GitHub provides a helpful user interface to monitor jobs while they are executed and debug any issues that may arise.

If all commands execute successfully, the production container will remain running on the EC2 instance. To view the list of running containers, type the command: docker ps -a. This will display the status and details of all containers on the instance.

Challenges and Solutions

One problem I ran into was that the Gemini API response format didn't match the expected JSON output, even though that format was specified in the prompt. Here is the sample output that we will get if we execute this code:

response = gemini_model(user_prompt=prompt)

```json
{
  "Capacitance": "0.27",
  "Capacitance Units": "uF",
  "Voltage": "100",
  "Voltage Units": "V",
  "Dielectric Type": "X7R",
  "Case Code": "0805",
  "Tolerance": "10%",
  "Mount Type": "SMD/SMT"
}
```

If we try to test it using the built-in validator in the IDE, we’ll get an error. The same issue occurs if we try to parse it directly in Python. To fix this, we include a line of code in our tests and production routes that removes any extra characters from the beginning and end of the response text.

prompt = mfg_part_num + ' ' + description
response = gemini_model(user_prompt=prompt)

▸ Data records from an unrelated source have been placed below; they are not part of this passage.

Section PolynomialFunctions.
Variables (F : comNzRingType) (L D : nat).
(* Exponent vectors are capped at D, so only polynomials of total degree at
   most D can be represented: hence the degree side conditions below. *)
Local Notation expo := {ffun 'I_L -> 'I_D.+1}.

Definition mdeg (g : expo) : nat := (\sum_(i < L) g i)%N.

Definition mono (g : expo) (w : nat -> F) : F := \prod_(i < L) w i ^+ g i.

Definition polyfun (e : nat) (f : (nat -> F) -> F) : Prop :=
  exists c : expo -> F, (forall g, (e < mdeg g)%N -> c g = 0) /\
    forall w, f w = \sum_g c g * mono g w.

Lemma eq_polyfun e (f f' : (nat -> F) -> F) : f =1 f' -> polyfun e f -> polyfun e f'.
Proof. by move=> ff' [c [c_deg f_sum]]; exists c; split=> // w; rewrite -ff'. Qed.

Lemma eq_mono g (w w' : nat -> F) : w =1 w' -> mono g w = mono g w'.
Proof. by move=> ww'; apply: eq_bigr => i _; rewrite ww'. Qed.

Lemma leq_mdeg (g : expo) i : (g i <= mdeg g)%N.
Proof. by rewrite /mdeg (bigD1 i) //= leq_addr. Qed.

Lemma polyfun_mono g : polyfun (mdeg g) (mono g).
Proof.
exists (fun h => (h == g)%:R); split=> [h|w].
  by case: eqP => [->|]; rewrite ?ltnn.
rewrite (bigD1 g) //= eqxx mul1r big1 ?addr0 // => h /negbTE ->.
by rewrite mul0r.
Qed.

Lemma polyfun1 : polyfun 0 (fun _ => 1).
Proof.
pose g0 : expo := [ffun _ => ord0].
have mdeg_g0 : mdeg g0 = 0%N by rewrite /mdeg big1 // => i _; rewrite ffunE.
rewrite -mdeg_g0; apply: eq_polyfun (polyfun_mono g0) => w.
by rewrite /mono big1 // => i _; rewrite ffunE expr0.
Qed.

Lemma polyfun_coord p : (p < L)%N -> (0 < D)%N -> polyfun 1 (fun w => w p).
Proof.
move=> p_lt_L D_gt0; pose g : expo := [ffun i => inord (i == Ordinal p_lt_L)].
have gE i : (g i : nat) = (i == Ordinal p_lt_L).
  by rewrite ffunE inordK //; case: (_ == _).
have mdeg_g : mdeg g = 1%N.
  rewrite /mdeg (bigD1 (Ordinal p_lt_L)) //= big1 ?gE ?eqxx // => i /negbTE i_neq.
  by rewrite gE i_neq.
rewrite -mdeg_g; apply: eq_polyfun (polyfun_mono g) => w.
rewrite /mono (bigD1 (Ordinal p_lt_L)) //= big1 ?gE ?eqxx ?mulr1 // => i /negbTE i_neq.
by rewrite gE i_neq expr0.
Qed.

Lemma polyfunD e (f f' : (nat -> F) -> F) :
  polyfun e f -> polyfun e f' -> polyfun e (fun w => f w + f' w).
Proof.
move=> [c [c_deg f_sum]] [c' [c'_deg f'_sum]]; exists (fun g => c g + c' g); split.
  by move=> g g_deg; rewrite c_deg // c'_deg // addr0.
by move=> w; rewrite f_sum f'_sum -big_split; apply: eq_bigr => g _; rewrite mulrDl.
Qed.

Definition expo_add (g h : expo) : expo := [ffun i => inord (g i + h i)].

Section ExpoAdd.
Variables g h : expo.
Hypothesis gh_deg : (mdeg g + mdeg h <= D)%N.

Lemma expo_addE i : (expo_add g h i : nat) = (g i + h i)%N.
Proof.
rewrite ffunE inordK // ltnS (leq_trans _ gh_deg) //.
by rewrite leq_add ?leq_mdeg.
Qed.

Lemma mdeg_expo_add : mdeg (expo_add g h) = (mdeg g + mdeg h)%N.
Proof. by rewrite /mdeg -big_split; apply: eq_bigr => i _; rewrite expo_addE. Qed.

Lemma mono_expo_add w : mono (expo_add g h) w = mono g w * mono h w.
Proof. by rewrite /mono -big_split; apply: eq_bigr => i _; rewrite expo_addE exprD. Qed.

End ExpoAdd.

Lemma polyfunM a b (f f' : (nat -> F) -> F) : (a + b <= D)%N ->
  polyfun a f -> polyfun b f' -> polyfun (a + b) (fun w => f w * f' w).
Proof.
move=> ab_le_D [c [c_deg f_sum]] [c' [c'_deg f'_sum]].
exists (fun k => \sum_(p : expo * expo | expo_add p.1 p.2 == k) c p.1 * c' p.2); split.
  move=> k k_deg; apply: big1 => [[g h]] /= /eqP gh_k.
  case: (leqP (mdeg g) a) => g_deg; last by rewrite c_deg // mul0r.
  case: (leqP (mdeg h) b) => h_deg; last by rewrite c'_deg // mulr0.
  by move: k_deg; rewrite -gh_k mdeg_expo_add; lia.
move=> w; rewrite f_sum f'_sum big_distrlr pair_big /=.
rewrite (partition_big (fun p : expo * expo => expo_add p.1 p.2) predT) //=.
apply: eq_bigr => k _; rewrite mulr_suml; apply: eq_bigr => [[g h]] /= /eqP <-.
case: (leqP (mdeg g) a) => g_deg; last by rewrite c_deg // !mul0r.
case: (leqP (mdeg h) b) => h_deg; last by rewrite c'_deg // !(mulr0, mul0r).
have gh_deg : (mdeg g + mdeg h <= D)%N by lia.
by rewrite mono_expo_add // mulrACA.
Qed.

Lemma polyfunX k (f : (nat -> F) -> F) : (k <= D)%N ->
  polyfun 1 f -> polyfun k (fun w => f w ^+ k).
Proof.
move=> + f_lin; elim: k => [_|k IH k_lt_D].
  by apply: eq_polyfun polyfun1 => w; rewrite expr0.
rewrite -addn1; apply: eq_polyfun (polyfunM _ (IH (ltnW k_lt_D)) f_lin) => [w|].
  by rewrite addn1 exprSr.
by rewrite addn1.
Qed.

Lemma polyfun_prod (I : Type) (s : seq I) (e : I -> nat) (f : I -> (nat -> F) -> F) :
  (forall i, polyfun (e i) (f i)) -> (\sum_(i <- s) e i <= D)%N ->
  polyfun (\sum_(i <- s) e i) (fun w => \prod_(i <- s) f i w).
Proof.
move=> f_deg; elim: s => [|i s IH].
  by rewrite big_nil => _; apply: eq_polyfun polyfun1 => w; rewrite big_nil.
rewrite big_cons => s_deg.
apply: eq_polyfun (polyfunM s_deg (f_deg i) (IH _)) => [w|]; first by rewrite big_cons.
exact: leq_trans (leq_addl _ _) s_deg.
Qed.

Lemma polyfun_mono_comp (E : (nat -> F) -> nat -> F) g : (mdeg g <= D)%N ->
  (forall i : 'I_L, polyfun 1 (fun w => E w i)) -> polyfun (mdeg g) (fun w => mono g (E w)).
Proof.
move=> g_deg E_lin.
exact: (polyfun_prod (fun i => polyfunX (ltn_ord (g i)) (E_lin i)) g_deg).
Qed.

End PolynomialFunctions.

Lemma NrowS n : Nrow n.+1 = (Nrow n).*2.+2.
Proof. by rewrite /Nrow !expnS -!muln2; have := expn_gt0 2 n; lia. Qed.

Lemma stern_gt n k : (Nrow n < k)%N -> stern n k = 0%N.
Proof.
case: n => [|n] /=; first by case: k.
rewrite NrowS => k_gt.
have -> : (k == 0) = false by lia.
have -> : (k == (Nrow n).*2.+2) = false by lia.
by rewrite k_gt.
Qed.

Lemma stern_Nrow n : stern n (Nrow n) = 1%N.
Proof. by case: n => [|n] //=; rewrite NrowS eqxx. Qed.

Fixpoint zstern (n k : nat) {struct n} : nat :=
  match n with
  | 0 => k == 1
  | n'.+1 => if odd k then zstern n' k./2 + zstern n' k./2.+1 else zstern n' k./2
  end.

Lemma zstern0 n : zstern n 0 = 0%N.
Proof. by elim: n => //= n ->. Qed.

Lemma zstern_double n j : zstern n.+1 j.*2 = zstern n j.
Proof. by rewrite /= odd_double doubleK. Qed.

Lemma zstern_doubleS n j : zstern n.+1 j.*2.+1 = (zstern n j + zstern n j.+1)%N.
Proof. by rewrite /= odd_double /= uphalf_double. Qed.

Lemma zsternS n k : zstern n k.+1 = stern n k.
Proof.
elim: n k => [|n IH] k; first by case: k.
rewrite -(odd_double_half k); move: (k./2) => j; case: (odd k); rewrite ?add1n ?add0n.
  rewrite -doubleS zstern_double IH /= odd_double /= uphalf_double.
  have -> : (j.*2.+1 == (Nrow n).*2.+2) = false by lia.
  by case: ltnP => // j_gt; rewrite stern_gt //; lia.
rewrite zstern_doubleS; case: j => [|j]; first by rewrite zstern0 IH; case: (n).
rewrite !IH /=.
case: eqP => [j_eq|_]; first by rewrite (_ : j = Nrow n) ?stern_Nrow ?stern_gt //; lia.
case: ltnP => [j_gt|_]; first by rewrite !stern_gt //; lia.
by rewrite odd_double /= doubleK.
Qed.

Section SternWindows.
Variables (F : comNzRingType) (L D : nat).
Hypotheses (L_gt2 : (2 < L)%N) (D_gt0 : (0 < D)%N).
Local Notation expo := {ffun 'I_L -> 'I_D.+1}.
Local Notation polyfun := (@polyfun F L D).

Definition window n k : nat -> F := fun i => (zstern n (k + i))%:R.

Definition refine_window s (w : nat -> F) : nat -> F := fun i =>
  if odd (s + i) then w (s + i)./2 + w (s + i)./2.+1 else w (s + i)./2.

Lemma window_double n j s : window n.+1 (j.*2 + s) =1 refine_window s (window n j).
Proof.
move=> i; rewrite /window /refine_window -addnA.
rewrite -{1}(odd_double_half (s + i)) addnCA -doubleD.
case: (odd (s + i)); rewrite ?zstern_double ?zstern_doubleS ?natrD //.
by rewrite addnS.
Qed.

Lemma polyfun_refine_window s (i : 'I_L) : (s <= 1)%N ->
  polyfun 1 (fun w => refine_window s w i).
Proof.
move=> s_le1; have half_lt : ((s + i)./2.+1 < L)%N.
  have := odd_double_half (s + i); have := ltn_ord i; case: (odd (s + i)) => /=; lia.
rewrite /refine_window; case: (odd (s + i)).
  exact: polyfunD (polyfun_coord F (ltnW half_lt) D_gt0) (polyfun_coord F half_lt D_gt0).
by apply: (polyfun_coord F) => //; apply: ltnW.
Qed.

(* The range 2^(n+2) contains every window meeting the support [1, 2^(n+1)) of
   row n, and it doubles from n to n + 1. *)
Definition window_sum (g : expo) n : F := \sum_(k < 2 ^ n.+2) mono g (window n k).

Lemma window_sum_recurrence (g : expo) : (mdeg g <= D)%N ->
  exists c : expo -> F, (forall h, (mdeg g < mdeg h)%N -> c h = 0) /\
    forall n, window_sum g n.+1 = \sum_h c h * window_sum h n.
Proof.
move=> g_deg.
have refine_poly s : (s <= 1)%N -> polyfun (mdeg g) (fun w => mono g (refine_window s w)).
  by move=> s_le1; apply: polyfun_mono_comp => // i; apply: polyfun_refine_window.
have [c [c_deg c_sum]] := polyfunD (refine_poly 0%N isT) (refine_poly 1%N isT).
exists c; split=> // n.
have pairs (f : nat -> F) B : \sum_(k < B.*2) f k = \sum_(j < B) (f j.*2 + f j.*2.+1).
  elim: B => [|B IH]; first by rewrite !big_ord0.
  by rewrite doubleS !big_ord_recr /= IH addrA.
rewrite /window_sum expnS mul2n (pairs (fun k => mono g (window n.+1 k))).
transitivity (\sum_(j < 2 ^ n.+2) \sum_h c h * mono h (window n j)).
  apply: eq_bigr => j _; rewrite -c_sum /=.
  rewrite -(eq_mono g (window_double n j 0)) -(eq_mono g (window_double n j 1)).
  by rewrite addn0 addn1.
by rewrite exchange_big; apply: eq_bigr => h _; rewrite mulr_sumr.
Qed.

(* Sums of monomials of degree > D are not closed under the recurrence; zeroing
   them makes the whole family indexed by expo a closed linear system. *)
Definition trunc_window_sum (g : expo) n : F :=
  if (mdeg g <= D)%N then window_sum g n else 0.

Lemma trunc_window_sum_recurrence g : exists c : expo -> F,
  forall n, trunc_window_sum g n.+1 = \sum_h c h * trunc_window_sum h n.
Proof.
rewrite /trunc_window_sum.
case: leqP => g_deg; last first.
  by exists (fun _ => 0) => n; rewrite big1 // => h _; rewrite mul0r.
have [c [c_deg c_rec]] := window_sum_recurrence g_deg.
exists c => n; rewrite c_rec; apply: eq_bigr => h _.
by case: leqP => // h_deg; rewrite c_deg ?mul0r // (leq_ltn_trans g_deg h_deg).
Qed.

End SternWindows.

Section SternExponent.
Variables (m : nat) (alpha : m.-tuple nat).

Definition stern_exponent : {ffun 'I_m.+2 -> 'I_(sumn alpha).+1} :=
  [ffun i : 'I_m.+2 => inord (nth 0 (0 :: alpha) i)].

Lemma stern_exponentE i : (stern_exponent i : nat) = nth 0 (0 :: alpha) i.
Proof. by rewrite ffunE inordK // ltnS (leq_nth_sumn (0 :: alpha)). Qed.

Lemma mdeg_stern_exponent : mdeg stern_exponent = sumn alpha.
Proof.
rewrite /mdeg (eq_bigr _ (fun i _ => stern_exponentE i)) big_ord_recr /=.
rewrite nth_default ?size_tuple // addn0.
by rewrite -[sumn alpha]/(sumn (0 :: alpha)) sumnE [RHS](big_nth 0) /= size_tuple big_mkord.
Qed.

Lemma stern_prod_zstern n k :
  (\prod_(i < m) stern n (k + i) ^ tnth alpha i =
   \prod_(i < m.+2) zstern n (k + i) ^ nth 0 (0 :: alpha) i)%N.
Proof.
rewrite big_ord_recl /= expn0 mul1n big_ord_recr /= nth_default ?size_tuple // expn0 muln1.
by apply: eq_bigr => i _; rewrite /bump /= add1n addnS zsternS (tnth_nth 0).
Qed.

Lemma u_alpha_widen n : has (fun e => 0 < e)%N alpha ->
  u_alpha alpha n = (\sum_(k < 2 ^ n.+2) \prod_(i < m) stern n (k + i) ^ tnth alpha i)%N.
Proof.
case/(has_nthP 0) => i0; rewrite size_tuple => i0_lt_m alpha_i0.
have Nrow_lt : ((Nrow n).+1 <= 2 ^ n.+2)%N.
  by rewrite /Nrow !expnS; have := expn_gt0 2 n; lia.
rewrite /u_alpha.
rewrite (big_ord_widen _ (fun k => \prod_(i < m) stern n (k + i) ^ tnth alpha i)%N Nrow_lt).
rewrite big_mkcond; apply: eq_bigr => k _; case: ltnP => // k_gt.
rewrite (bigD1 (Ordinal i0_lt_m)) //= stern_gt ?(tnth_nth 0) /= ?exp0n //.
by rewrite (leq_trans k_gt) ?leq_addr.
Qed.

Lemma u_alpha_window_sum (F : comNzRingType) n : has (fun e => 0 < e)%N alpha ->
  (u_alpha alpha n)%:R = window_sum F stern_exponent n.
Proof.
move=> alpha_pos; rewrite u_alpha_widen // natr_sum; apply: eq_bigr => k _.
rewrite stern_prod_zstern natr_prod; apply: eq_bigr => i _.
by rewrite natrX stern_exponentE.
Qed.

End SternExponent.

Theorem theorem2p1 (R : realType) (m : nat) (alpha : m.-tuple nat) :
  (0 < m)%N -> has (fun e => 0 < e)%N alpha ->
  exists P Q : {poly R[i]},
    Q.[0] != 0 /\
    forall n : nat,
      \sum_(j < n.+1) Q`_j * ((u_alpha alpha (n - j)%N)%:R : R[i]) = P`_n.
Proof.
move=> m_gt0 alpha_pos.
have L_gt2 : (2 < m.+2)%N by rewrite ltnS.
have system := trunc_window_sum_recurrence R[i] L_gt2 (sumn_gt0 alpha_pos).
apply: (eq_rational_gf (w := fun n => (u_alpha alpha n)%:R))
  (linear_system_rational_gf system (stern_exponent alpha)) => n.
by rewrite /trunc_window_sum mdeg_stern_exponent leqnn u_alpha_window_sum.
Qed.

# Remove extra characters from response
cleaned_response = response[8:-4]

# Validate the response (JSON format)
try:
    parsed_response = json.loads(cleaned_response)
except json.JSONDecodeError:
    return "The response is not valid JSON."

Conclusion

This application is a valuable tool for developers looking to parse part numbers for electronic components. Moreover, from this project anyone can gain hands-on experience with CI/CD pipelines, GitHub Actions, Docker Hub, and AI models. In the future, I plan to enhance the application's flexibility by allowing language model to decide which parameters to return based on the part category.